Les autorités suédoises veulent extrader Julian Assange pour viol

Les procureurs suédois ont rouvert leur enquête sur une allégation de viol déposée en 2010 contre le fondateur de Wikileaks, Julian Assange, un premier pas sur la voie de son extradition vers la Suède. L'affaire suédoise a été classée en 2017 en raison de l'asile en cours à Assange auprès de l'ambassade équatorienne à Londres.

Cet asile - qui a débuté en 2012 - a pris fin le mois dernier lorsque Assange a finalement été expulsé de l'ambassade et a été rapidement arrêté par les autorités britanniques. Un juge l'a condamné à 50 semaines de prison pour avoir sauté sous caution.
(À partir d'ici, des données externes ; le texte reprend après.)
(* Let $n\ge3$ and let $\sigma$ be a Riemannian metric on the complement of a ball in $\mathbb{R}^n$ which is asymptotically flat. There exists $r_1>0$, depending only on $\sigma$, such that for every $r_0\ge r_1$ there exists a rotationally symmetric function $b\colon\mathbb{R}^n\setminus B_{r_0}(0)\to\mathbb{R}$ with (i) $b(x)\simeq r_0^{\,n-\frac32}\,|x|^{-(n-\frac52)}$, and (ii) $g^{ij}(\sigma,\nabla b)\,{}^\sigma\nabla^2_{ij}b\le 0$, i.e. $b$ is a static supersolution.
   Context: Asymptotic flatness of $\sigma$ means: there is a bounded function $\omega$ with $\omega(r)\to0$ as $r\to\infty$ such that $|\sigma_{ij}-\delta_{ij}|\lesssim\omega(r)$ and $|\partial\sigma_{ij}|\lesssim\omega(r)/r$ for $r=|x|$ large (Euclidean norms and partial derivatives). For a function $w$ with $|\nabla w|_\sigma<1$, $g^{ij}(\sigma,\nabla w)=\sigma^{ij}+\frac{\sigma^{ik}\sigma^{jl}w_kw_l}{1-\sigma^{kl}w_kw_l}$ and ${}^\sigma\nabla^2_{ij}w=w_{ij}-\Gamma^k_{ij}w_k$ with $\Gamma$ the Christoffel symbols of $\sigma$. The notation $x\lesssim y$ means $x\le Cy$ for a constant $C=C(n)>0$, and $x\simeq y$ means $x\lesssim y$ and $y\lesssim x$. *)

From HB Require Import structures.
From mathcomp Require Import all_boot all_order all_algebra.
From mathcomp Require Import all_classical all_reals all_analysis.
Set Implicit Arguments. Unset Strict Implicit. Unset Printing Implicit Defensive.
Import Order.TTheory GRing.Theory Num.Theory.
Import numFieldNormedType.Exports.
Local Open Scope ring_scope.

Section Defs.
Variables (R : realType) (n : nat).

Definition enorm (x : 'rV[R]_n) : R := Num.sqrt (\sum_(i < n) (x 0 i) ^+ 2).

Definition ebasis (i : 'I_n) : 'rV[R]_n := delta_mx 0 i.

Definition partial (f : 'rV[R]_n -> R) (i : 'I_n) : 'rV[R]_n -> R :=
  fun x => derive f x (ebasis i).

Definition iter_partial (f : 'rV[R]_n -> R) (l : seq 'I_n) : 'rV[R]_n -> R :=
  foldr (fun i g => partial g i) f l.

Definition riem_metric_ext (R0 : R) (sigma : 'rV[R]_n -> 'M[R]_n) : Prop :=
  forall x, R0 < enorm x ->
    (sigma x)^T = sigma x /\
    (forall v : 'rV[R]_n, v != 0 -> 0 < (v *m sigma x *m v^T) 0 0) /\
    (forall (i j : 'I_n) (l : seq 'I_n),
        differentiable (iter_partial (fun y => sigma y i j) l) x).

Definition asymp_flat (sigma : 'rV[R]_n -> 'M[R]_n) : Prop :=
  exists omega : R -> R,
    (exists M : R, forall r, `|omega r| <= M) /\
    (omega @ +oo%R --> (0 : R))%classic /\
    exists (C R1 : R), 0 < C /\
      forall x, R1 <= enorm x ->
        forall i j : 'I_n,
          `|sigma x i j - (i == j)%:R| <= C * omega (enorm x) /\
          forall k : 'I_n,
            `|partial (fun y => sigma y i j) k x| <= C * (omega (enorm x) / enorm x).

Definition sinv (sigma : 'rV[R]_n -> 'M[R]_n) (x : 'rV[R]_n) : 'M[R]_n :=
  invmx (sigma x).

Definition christoffel (sigma : 'rV[R]_n -> 'M[R]_n) (x : 'rV[R]_n)
  (k i j : 'I_n) : R :=
  2^-1 * \sum_(l < n) sinv sigma x k l *
    (partial (fun y => sigma y j l) i x + partial (fun y => sigma y i l) j x
     - partial (fun y => sigma y i j) l x).

Definition grad_sq (sigma : 'rV[R]_n -> 'M[R]_n) (w : 'rV[R]_n -> R)
  (x : 'rV[R]_n) : R :=
  \sum_(k < n) \sum_(l < n) sinv sigma x k l * partial w k x * partial w l x.

Definition gmat (sigma : 'rV[R]_n -> 'M[R]_n) (w : 'rV[R]_n -> R)
  (x : 'rV[R]_n) (i j : 'I_n) : R :=
  sinv sigma x i j +
  (\sum_(k < n) \sum_(l < n) sinv sigma x i k * sinv sigma x j l
                              * partial w k x * partial w l x)
  / (1 - grad_sq sigma w x).

Definition cov_hess (sigma : 'rV[R]_n -> 'M[R]_n) (w : 'rV[R]_n -> R)
  (x : 'rV[R]_n) (i j : 'I_n) : R :=
  partial (partial w i) j x - \sum_(k < n) christoffel sigma x k i j * partial w k x.

Definition static_op (sigma : 'rV[R]_n -> 'M[R]_n) (w : 'rV[R]_n -> R)
  (x : 'rV[R]_n) : R :=
  \sum_(i < n) \sum_(j < n) gmat sigma w x i j * cov_hess sigma w x i j.

Definition twice_diff (w : 'rV[R]_n -> R) (x : 'rV[R]_n) : Prop :=
  differentiable w x /\ forall i : 'I_n, differentiable (partial w i) x.

Definition rot_sym_ext (r0 : R) (w : 'rV[R]_n -> R) : Prop :=
  forall x y : 'rV[R]_n, r0 <= enorm x -> enorm x = enorm y -> w x = w y.

End Defs.

From HB Require Import structures.
From mathcomp Require Import all_boot all_order all_algebra.
From mathcomp Require Import all_classical all_reals all_analysis.
From mathcomp Require Import ring lra.
Set Implicit Arguments. Unset Strict Implicit. Unset Printing Implicit Defensive.
Import Order.TTheory GRing.Theory Num.Theory.
Import numFieldNormedType.Exports.

Local Open Scope ring_scope.

(* The barrier is the radial function b(x) = c r0^(1-2p) (|x|^2 + r0^2)^p with
   2p = -(n - 5/2), i.e. b(x) = c r0 f(x/r0) for f(y) = (|y|^2 + 1)^p, so it is
   comparable to r0^(n-3/2) |x|^(-(n-5/2)) on |x| >= r0.  Writing u < 0 for the
   derivative of the profile in t = |x|^2, one has grad b = 2 u x and
   Hess b = u (4 (p-1) x x^T / (|x|^2 + r0^2) + 2 I): the exponent is chosen so that
   the trace is at most u, while every entry is O(n |u|).  By scale invariance
   |grad b|^2 <= 4 c^2 p^2 for every r0, so for c ~ n^-4 the coefficients g^ij are
   close to sigma^ij.  Beyond some r1, asymptotic flatness makes sigma^ij - delta^ij
   and |x| Gamma small, so Gamma grad b is small compared to |u|, and altogether
   g^ij nabla^2_ij b <= u/4 < 0. *)

Section SumBounds.
Variables (R : realFieldType) (n : nat).

Lemma sum_mul_delta (F : 'I_n -> R) j : \sum_(i < n) F i * (i == j)%:R = F j.
Proof.
by rewrite (bigD1 j) //= eqxx mulr1 big1 ?addr0 // => i /negbTE ->; rewrite mulr0.
Qed.

Lemma norm_sum_ord_le (F : 'I_n -> R) M :
  (forall i, `|F i| <= M) -> `|\sum_(i < n) F i| <= n%:R * M.
Proof.
move=> FM; apply: le_trans (ler_norm_sum _ _ _) _.
by apply: le_trans (ler_sum _ (fun i _ => FM i)) _; rewrite sumr_const card_ord mulr_natl.
Qed.

Lemma norm_sum2_ord_le (F : 'I_n -> 'I_n -> R) M :
  (forall i j, `|F i j| <= M) -> `|\sum_(i < n) \sum_(j < n) F i j| <= n%:R * (n%:R * M).
Proof. by move=> FM; apply: norm_sum_ord_le => i; apply: norm_sum_ord_le. Qed.

Lemma norm_delta_le1 i j : `|(i == j :> 'I_n)%:R : R| <= 1.
Proof. by case: (i == j); rewrite ?normr1 ?normr0. Qed.

End SumBounds.

Section RadialCalculus.
Variables (R : realType) (n : nat).
Implicit Types (x v : 'rV[R]_n) (i j : 'I_n).

Definition sqnorm x : R := \sum_(i < n) x 0 i ^+ 2.

Definition radial (phi : R -> R) x : R := phi (sqnorm x).

Lemma sqnorm_ge0 x : 0 <= sqnorm x.
Proof. by apply: sumr_ge0 => i _; exact: sqr_ge0. Qed.

Lemma enorm_sqr x : enorm x ^+ 2 = sqnorm x.
Proof. exact/sqr_sqrtr/sqnorm_ge0. Qed.

Lemma norm_coord_le x i : `|x 0 i| <= enorm x.
Proof.
rewrite -sqrtr_sqr ler_sqrt ?sqnorm_ge0 // /sqnorm (bigD1 i) //= lerDl.
by apply: sumr_ge0 => k _; exact: sqr_ge0.
Qed.

Lemma norm_coordM_le x i j : `|x 0 i * x 0 j| <= sqnorm x.
Proof. by rewrite -enorm_sqr normrM expr2 ler_pM ?norm_coord_le. Qed.

Lemma ebasisE i j : ebasis R i 0 j = (j == i)%:R.
Proof. by rewrite /ebasis mxE eqxx. Qed.

Lemma derive_coord x v i : 'D_v (fun y : 'rV[R]_n => y 0 i) x = v 0 i.
Proof.
have := congr1 (fun M : 'rV[R]_n => M 0 i) (derive_mx (@derivable_id _ _ x v)).
by rewrite derive_id mxE.
Qed.

Lemma derivable_coord x v i : derivable (fun y : 'rV[R]_n => y 0 i) x v.
Proof. exact/diff_derivable/differentiable_coord. Qed.

Lemma sqnormE : sqnorm = \sum_(i < n) (fun y : 'rV[R]_n => y 0 i) ^+ 2.
Proof. by apply/funext => y; rewrite /sqnorm fct_sumE. Qed.

Lemma differentiable_sqnorm x : differentiable sqnorm x.
Proof.
rewrite sqnormE; apply: differentiable_sum => i.
exact/differentiableX/differentiable_coord.
Qed.

Lemma partial_sqnorm x j : partial sqnorm j x = 2 * x 0 j.
Proof.
rewrite /partial sqnormE derive_sum => [|i]; last exact/derivableX/derivable_coord.
rewrite (eq_bigr (fun i => 2 * x 0 i * (i == j)%:R)) ?sum_mul_delta // => i _.
rewrite deriveX; last exact: derivable_coord.
by have -> := derive_coord x (ebasis R j) i; rewrite ebasisE expr1.
Qed.

Lemma partial_comp (f : 'rV[R]_n -> R) (g : R -> R) dg i x :
  differentiable f x -> is_derive (f x) 1 g dg ->
  partial (g \o f) i x = partial f i x * dg.
Proof.
move=> df [/derivable1_diffP dg1 <-].
rewrite /partial deriveE; last exact: differentiable_comp.
rewrite diff_comp // deriveE // -derive1E derive1E' //= -[X in 'd g _ X = _]mulr1.
by rewrite -[_ * 1]/(_ *: (1 : R)) linearZ.
Qed.

Section Radial.
Variables (phi phi' phi'' : R -> R).
Hypothesis phi_deriv : forall t : R, 0 <= t -> is_derive t 1 phi (phi' t).
Hypothesis phi'_deriv : forall t : R, 0 <= t -> is_derive t 1 phi' (phi'' t).

Let differentiable_comp_sqnorm (g g' : R -> R) x :
  (forall t : R, 0 <= t -> is_derive t 1 g (g' t)) -> differentiable (g \o sqnorm) x.
Proof.
move=> gd; apply: differentiable_comp; first exact: differentiable_sqnorm.
by have [/derivable1_diffP] := gd _ (sqnorm_ge0 x).
Qed.

Lemma partial_radial i : partial (radial phi) i = fun x => 2 * x 0 i * phi' (sqnorm x).
Proof.
apply/funext => x.
rewrite (partial_comp i (differentiable_sqnorm x) (phi_deriv (sqnorm_ge0 x))).
by rewrite partial_sqnorm.
Qed.

Lemma partial2_radial i j x :
  partial (partial (radial phi) i) j x =
  4 * (x 0 i * x 0 j) * phi'' (sqnorm x) + 2 * (i == j)%:R * phi' (sqnorm x).
Proof.
rewrite partial_radial.
have -> : (fun y : 'rV[R]_n => 2 * y 0 i * phi' (sqnorm y)) =
  (2 \*: fun y : 'rV[R]_n => y 0 i) * (phi' \o sqnorm) by [].
rewrite /partial deriveM; last 2 first.
  exact/derivableZ/derivable_coord.
  exact/diff_derivable/(differentiable_comp_sqnorm x phi'_deriv).
rewrite -!/(partial _ j x).
rewrite (partial_comp j (differentiable_sqnorm x) (phi'_deriv (sqnorm_ge0 x))).
rewrite partial_sqnorm /partial deriveZ; last exact: derivable_coord.
by have -> := derive_coord x (ebasis R j) i; rewrite ebasisE /= /GRing.scale /=; ring.
Qed.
"Il y a toujours une cause probable pour soupçonner que M. Assange a commis un viol", a déclaré lundi à l'AFP Eva-Marie Persson, procureur suédoise, lors d'une conférence de presse.

Assange est accusé d'avoir agressé sexuellement deux femmes en Suède. L'enquête sur le viol a été rouverte à la demande de la victime présumée.

Persson a déclaré que le délai était crucial dans le cas de viol, car le délai de prescription relatif à l'une des agressions présumées venait à expiration en août 2020. Le délai de prescription avait déjà expiré dans le cas de l'autre femme.

Si la Suède demande officiellement l'extradition d'Assange vers la Suède, il appartiendra aux autorités britanniques de décider si la demande de la Suède a préséance sur une demande d'extradition des États-Unis. Les autorités américaines cherchent à poursuivre Assange pour avoir tenté, sans succès, d'aider Chelsea Manning à déchiffrer le mot de passe d'un ordinateur militaire américain.

Manning a récemment été libérée après deux mois de prison après avoir été reconnue coupable d'outrage au tribunal pour avoir refusé de témoigner devant un grand jury américain au sujet de ses interactions avec Assange. Elle a déclaré qu'elle ne témoignerait pas dans cette affaire et risquerait en conséquence une peine d'emprisonnement supplémentaire.